» Problem details
Read through the data, and wherever a line holds the word "mathcomp", write that line out.

» Input material
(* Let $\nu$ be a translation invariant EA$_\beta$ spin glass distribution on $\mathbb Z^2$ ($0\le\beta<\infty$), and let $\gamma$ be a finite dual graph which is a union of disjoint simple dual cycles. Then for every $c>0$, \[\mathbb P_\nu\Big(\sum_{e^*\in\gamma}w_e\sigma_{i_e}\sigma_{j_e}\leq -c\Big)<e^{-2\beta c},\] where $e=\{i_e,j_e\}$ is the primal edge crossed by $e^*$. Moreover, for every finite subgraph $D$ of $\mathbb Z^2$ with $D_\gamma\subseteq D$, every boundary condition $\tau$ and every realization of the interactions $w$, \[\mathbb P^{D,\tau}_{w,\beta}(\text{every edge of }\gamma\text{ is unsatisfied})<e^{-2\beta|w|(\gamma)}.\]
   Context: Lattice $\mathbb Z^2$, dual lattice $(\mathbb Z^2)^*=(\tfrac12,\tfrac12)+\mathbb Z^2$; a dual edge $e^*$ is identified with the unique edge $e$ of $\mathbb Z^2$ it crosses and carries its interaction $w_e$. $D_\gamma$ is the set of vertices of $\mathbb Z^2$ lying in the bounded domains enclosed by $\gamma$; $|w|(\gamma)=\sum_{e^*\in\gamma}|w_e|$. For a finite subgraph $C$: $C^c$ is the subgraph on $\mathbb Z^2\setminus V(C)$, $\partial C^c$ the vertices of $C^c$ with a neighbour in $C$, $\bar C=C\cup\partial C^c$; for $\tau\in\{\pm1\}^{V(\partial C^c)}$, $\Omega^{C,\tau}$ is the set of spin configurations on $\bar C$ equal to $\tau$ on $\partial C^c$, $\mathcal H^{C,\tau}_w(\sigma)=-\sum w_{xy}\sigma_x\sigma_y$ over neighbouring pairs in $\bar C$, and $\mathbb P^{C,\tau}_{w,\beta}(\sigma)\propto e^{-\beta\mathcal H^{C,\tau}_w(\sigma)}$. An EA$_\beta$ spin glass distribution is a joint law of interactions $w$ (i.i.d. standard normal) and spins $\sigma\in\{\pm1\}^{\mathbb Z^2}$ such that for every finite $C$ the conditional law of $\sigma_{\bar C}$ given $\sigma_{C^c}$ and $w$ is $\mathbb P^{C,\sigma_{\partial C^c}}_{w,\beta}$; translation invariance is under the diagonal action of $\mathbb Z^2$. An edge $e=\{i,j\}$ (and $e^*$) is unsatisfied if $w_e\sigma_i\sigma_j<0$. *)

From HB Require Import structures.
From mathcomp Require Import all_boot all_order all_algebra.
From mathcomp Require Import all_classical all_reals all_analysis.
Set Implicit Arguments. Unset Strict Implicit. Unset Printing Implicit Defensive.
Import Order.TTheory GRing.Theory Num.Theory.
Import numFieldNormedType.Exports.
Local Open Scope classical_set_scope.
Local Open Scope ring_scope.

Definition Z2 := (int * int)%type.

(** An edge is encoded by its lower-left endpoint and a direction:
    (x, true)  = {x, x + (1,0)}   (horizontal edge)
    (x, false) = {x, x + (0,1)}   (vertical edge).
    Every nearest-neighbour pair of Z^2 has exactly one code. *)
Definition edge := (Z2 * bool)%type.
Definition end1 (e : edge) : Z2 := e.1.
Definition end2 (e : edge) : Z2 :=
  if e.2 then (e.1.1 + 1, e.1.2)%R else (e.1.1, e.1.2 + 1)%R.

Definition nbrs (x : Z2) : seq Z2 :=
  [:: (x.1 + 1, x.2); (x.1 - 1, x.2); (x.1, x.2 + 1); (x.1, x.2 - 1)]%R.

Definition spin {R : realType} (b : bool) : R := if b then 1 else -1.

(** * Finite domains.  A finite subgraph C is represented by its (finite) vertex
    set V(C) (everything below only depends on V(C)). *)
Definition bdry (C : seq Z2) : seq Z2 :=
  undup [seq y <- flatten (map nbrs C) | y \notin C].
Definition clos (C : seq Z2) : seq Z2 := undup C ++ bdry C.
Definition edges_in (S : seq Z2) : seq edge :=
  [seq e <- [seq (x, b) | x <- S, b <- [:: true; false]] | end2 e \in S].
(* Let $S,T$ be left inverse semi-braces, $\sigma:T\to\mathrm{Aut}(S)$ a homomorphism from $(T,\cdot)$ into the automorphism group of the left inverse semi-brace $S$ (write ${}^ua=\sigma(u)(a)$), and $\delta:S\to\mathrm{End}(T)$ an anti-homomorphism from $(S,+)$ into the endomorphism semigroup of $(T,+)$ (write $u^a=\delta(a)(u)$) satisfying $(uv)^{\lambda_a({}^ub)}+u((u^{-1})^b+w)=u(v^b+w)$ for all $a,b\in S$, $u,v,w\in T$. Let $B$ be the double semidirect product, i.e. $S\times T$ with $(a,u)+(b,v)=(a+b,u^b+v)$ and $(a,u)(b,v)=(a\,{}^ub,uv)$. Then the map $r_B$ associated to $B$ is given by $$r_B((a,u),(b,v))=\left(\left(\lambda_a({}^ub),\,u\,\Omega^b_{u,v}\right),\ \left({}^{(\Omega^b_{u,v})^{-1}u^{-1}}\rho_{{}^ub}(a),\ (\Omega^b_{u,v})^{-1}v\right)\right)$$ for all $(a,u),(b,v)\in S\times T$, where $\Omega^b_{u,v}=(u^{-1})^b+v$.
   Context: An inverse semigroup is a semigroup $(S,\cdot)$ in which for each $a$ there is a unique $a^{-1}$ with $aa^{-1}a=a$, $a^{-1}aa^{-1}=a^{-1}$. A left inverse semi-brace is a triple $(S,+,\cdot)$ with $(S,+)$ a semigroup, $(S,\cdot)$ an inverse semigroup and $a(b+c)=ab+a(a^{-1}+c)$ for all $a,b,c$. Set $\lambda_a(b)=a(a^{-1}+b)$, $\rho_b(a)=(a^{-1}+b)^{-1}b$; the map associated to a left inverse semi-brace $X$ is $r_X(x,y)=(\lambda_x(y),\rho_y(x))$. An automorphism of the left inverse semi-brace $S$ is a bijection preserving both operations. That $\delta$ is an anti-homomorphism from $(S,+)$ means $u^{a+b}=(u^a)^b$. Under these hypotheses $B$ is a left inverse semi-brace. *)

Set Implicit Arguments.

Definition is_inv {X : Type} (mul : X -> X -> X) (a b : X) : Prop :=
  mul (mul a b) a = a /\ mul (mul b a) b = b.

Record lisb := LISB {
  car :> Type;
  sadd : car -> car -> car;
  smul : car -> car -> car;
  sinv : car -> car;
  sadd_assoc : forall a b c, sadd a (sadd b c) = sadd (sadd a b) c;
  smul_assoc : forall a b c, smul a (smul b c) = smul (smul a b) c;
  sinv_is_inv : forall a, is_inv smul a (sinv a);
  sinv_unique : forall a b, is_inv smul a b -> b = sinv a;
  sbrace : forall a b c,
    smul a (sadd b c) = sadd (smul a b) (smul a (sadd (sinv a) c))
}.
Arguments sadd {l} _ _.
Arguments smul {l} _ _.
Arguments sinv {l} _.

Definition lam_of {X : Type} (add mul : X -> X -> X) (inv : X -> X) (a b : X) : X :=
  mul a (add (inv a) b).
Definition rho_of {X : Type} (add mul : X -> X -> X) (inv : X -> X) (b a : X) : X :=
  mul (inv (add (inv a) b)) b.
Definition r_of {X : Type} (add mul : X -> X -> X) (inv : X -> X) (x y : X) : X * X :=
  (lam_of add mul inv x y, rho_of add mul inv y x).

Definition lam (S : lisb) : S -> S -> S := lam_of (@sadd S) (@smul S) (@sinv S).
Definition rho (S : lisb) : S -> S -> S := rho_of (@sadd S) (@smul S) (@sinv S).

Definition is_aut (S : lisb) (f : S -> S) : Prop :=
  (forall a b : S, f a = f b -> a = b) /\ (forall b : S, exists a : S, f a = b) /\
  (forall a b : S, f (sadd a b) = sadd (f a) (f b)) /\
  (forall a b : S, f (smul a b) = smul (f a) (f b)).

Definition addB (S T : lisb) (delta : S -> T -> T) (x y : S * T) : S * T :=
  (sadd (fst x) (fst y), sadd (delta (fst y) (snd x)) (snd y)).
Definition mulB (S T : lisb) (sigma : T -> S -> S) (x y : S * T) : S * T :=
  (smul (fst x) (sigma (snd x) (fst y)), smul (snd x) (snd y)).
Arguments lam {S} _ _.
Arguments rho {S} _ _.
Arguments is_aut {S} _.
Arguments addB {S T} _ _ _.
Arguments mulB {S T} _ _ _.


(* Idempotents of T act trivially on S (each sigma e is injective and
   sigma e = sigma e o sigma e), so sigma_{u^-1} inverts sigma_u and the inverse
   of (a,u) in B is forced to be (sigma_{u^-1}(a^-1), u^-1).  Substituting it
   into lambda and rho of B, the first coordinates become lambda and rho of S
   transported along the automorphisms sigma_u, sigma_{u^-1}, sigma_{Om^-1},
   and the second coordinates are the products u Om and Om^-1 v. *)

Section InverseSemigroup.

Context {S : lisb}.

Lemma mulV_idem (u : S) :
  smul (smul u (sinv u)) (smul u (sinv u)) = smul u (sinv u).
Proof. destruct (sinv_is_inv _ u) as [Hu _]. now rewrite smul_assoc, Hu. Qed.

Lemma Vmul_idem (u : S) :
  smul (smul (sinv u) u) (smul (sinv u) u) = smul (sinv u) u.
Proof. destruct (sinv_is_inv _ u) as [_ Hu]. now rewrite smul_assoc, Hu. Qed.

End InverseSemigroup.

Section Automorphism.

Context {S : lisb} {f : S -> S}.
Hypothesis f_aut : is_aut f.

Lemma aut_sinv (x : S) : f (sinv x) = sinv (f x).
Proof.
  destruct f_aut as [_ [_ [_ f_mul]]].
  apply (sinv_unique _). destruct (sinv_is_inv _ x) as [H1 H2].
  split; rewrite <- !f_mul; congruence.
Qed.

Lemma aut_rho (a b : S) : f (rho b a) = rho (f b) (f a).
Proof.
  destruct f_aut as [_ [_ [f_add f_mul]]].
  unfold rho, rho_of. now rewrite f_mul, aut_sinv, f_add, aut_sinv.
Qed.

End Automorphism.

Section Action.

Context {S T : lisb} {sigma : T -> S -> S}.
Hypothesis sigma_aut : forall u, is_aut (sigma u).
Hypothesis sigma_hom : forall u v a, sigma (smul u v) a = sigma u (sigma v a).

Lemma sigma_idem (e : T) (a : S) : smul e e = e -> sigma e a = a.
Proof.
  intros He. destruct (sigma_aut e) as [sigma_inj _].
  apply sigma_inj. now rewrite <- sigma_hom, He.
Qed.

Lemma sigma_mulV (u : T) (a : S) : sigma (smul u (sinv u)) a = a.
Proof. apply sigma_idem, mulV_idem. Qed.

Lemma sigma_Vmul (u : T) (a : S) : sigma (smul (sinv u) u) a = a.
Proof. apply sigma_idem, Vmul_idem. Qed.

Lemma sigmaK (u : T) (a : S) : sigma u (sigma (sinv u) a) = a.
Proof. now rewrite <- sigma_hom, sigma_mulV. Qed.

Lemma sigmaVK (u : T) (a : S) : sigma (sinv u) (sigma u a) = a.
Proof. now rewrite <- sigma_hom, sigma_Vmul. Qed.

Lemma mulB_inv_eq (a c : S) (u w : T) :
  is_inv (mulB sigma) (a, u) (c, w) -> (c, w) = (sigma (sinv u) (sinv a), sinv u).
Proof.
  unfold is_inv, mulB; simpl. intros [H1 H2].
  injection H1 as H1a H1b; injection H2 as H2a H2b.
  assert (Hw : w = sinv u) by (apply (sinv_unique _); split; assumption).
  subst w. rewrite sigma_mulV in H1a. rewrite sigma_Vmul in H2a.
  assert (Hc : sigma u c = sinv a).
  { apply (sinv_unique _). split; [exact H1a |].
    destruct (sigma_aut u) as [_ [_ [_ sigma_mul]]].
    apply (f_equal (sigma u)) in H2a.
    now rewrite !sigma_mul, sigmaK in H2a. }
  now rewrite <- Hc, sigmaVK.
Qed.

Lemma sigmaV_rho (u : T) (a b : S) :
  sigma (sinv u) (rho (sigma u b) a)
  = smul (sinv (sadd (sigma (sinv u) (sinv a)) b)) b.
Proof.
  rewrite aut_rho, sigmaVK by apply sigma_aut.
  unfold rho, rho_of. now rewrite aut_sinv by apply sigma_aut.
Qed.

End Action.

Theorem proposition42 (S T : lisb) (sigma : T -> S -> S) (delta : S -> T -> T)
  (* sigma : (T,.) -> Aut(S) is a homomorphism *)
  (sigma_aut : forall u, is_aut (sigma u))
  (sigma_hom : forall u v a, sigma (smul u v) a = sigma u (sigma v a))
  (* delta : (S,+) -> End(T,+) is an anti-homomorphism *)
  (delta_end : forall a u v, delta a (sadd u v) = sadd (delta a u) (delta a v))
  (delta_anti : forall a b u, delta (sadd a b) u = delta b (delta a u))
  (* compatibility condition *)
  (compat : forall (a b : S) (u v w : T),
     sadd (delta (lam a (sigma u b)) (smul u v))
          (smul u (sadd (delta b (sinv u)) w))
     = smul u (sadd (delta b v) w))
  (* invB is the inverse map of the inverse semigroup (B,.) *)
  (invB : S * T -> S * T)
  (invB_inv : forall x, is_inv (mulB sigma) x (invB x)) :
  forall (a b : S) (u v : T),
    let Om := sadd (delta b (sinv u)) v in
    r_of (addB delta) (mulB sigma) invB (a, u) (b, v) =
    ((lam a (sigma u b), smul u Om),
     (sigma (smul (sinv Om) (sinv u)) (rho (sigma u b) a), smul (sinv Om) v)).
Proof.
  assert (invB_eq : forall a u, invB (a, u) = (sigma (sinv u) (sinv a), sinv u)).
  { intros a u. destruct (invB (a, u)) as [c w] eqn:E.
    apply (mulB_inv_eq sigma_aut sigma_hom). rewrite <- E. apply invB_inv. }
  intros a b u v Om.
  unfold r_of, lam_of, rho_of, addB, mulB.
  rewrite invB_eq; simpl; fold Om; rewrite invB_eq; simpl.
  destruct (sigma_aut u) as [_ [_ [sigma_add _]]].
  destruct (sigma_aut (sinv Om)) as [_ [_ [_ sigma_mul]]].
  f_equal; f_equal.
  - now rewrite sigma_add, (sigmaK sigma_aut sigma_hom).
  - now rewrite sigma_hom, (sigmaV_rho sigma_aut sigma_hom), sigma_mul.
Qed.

» Solved exercise
From mathcomp Require Import all_boot all_order all_algebra.
From mathcomp Require Import all_classical all_reals all_analysis.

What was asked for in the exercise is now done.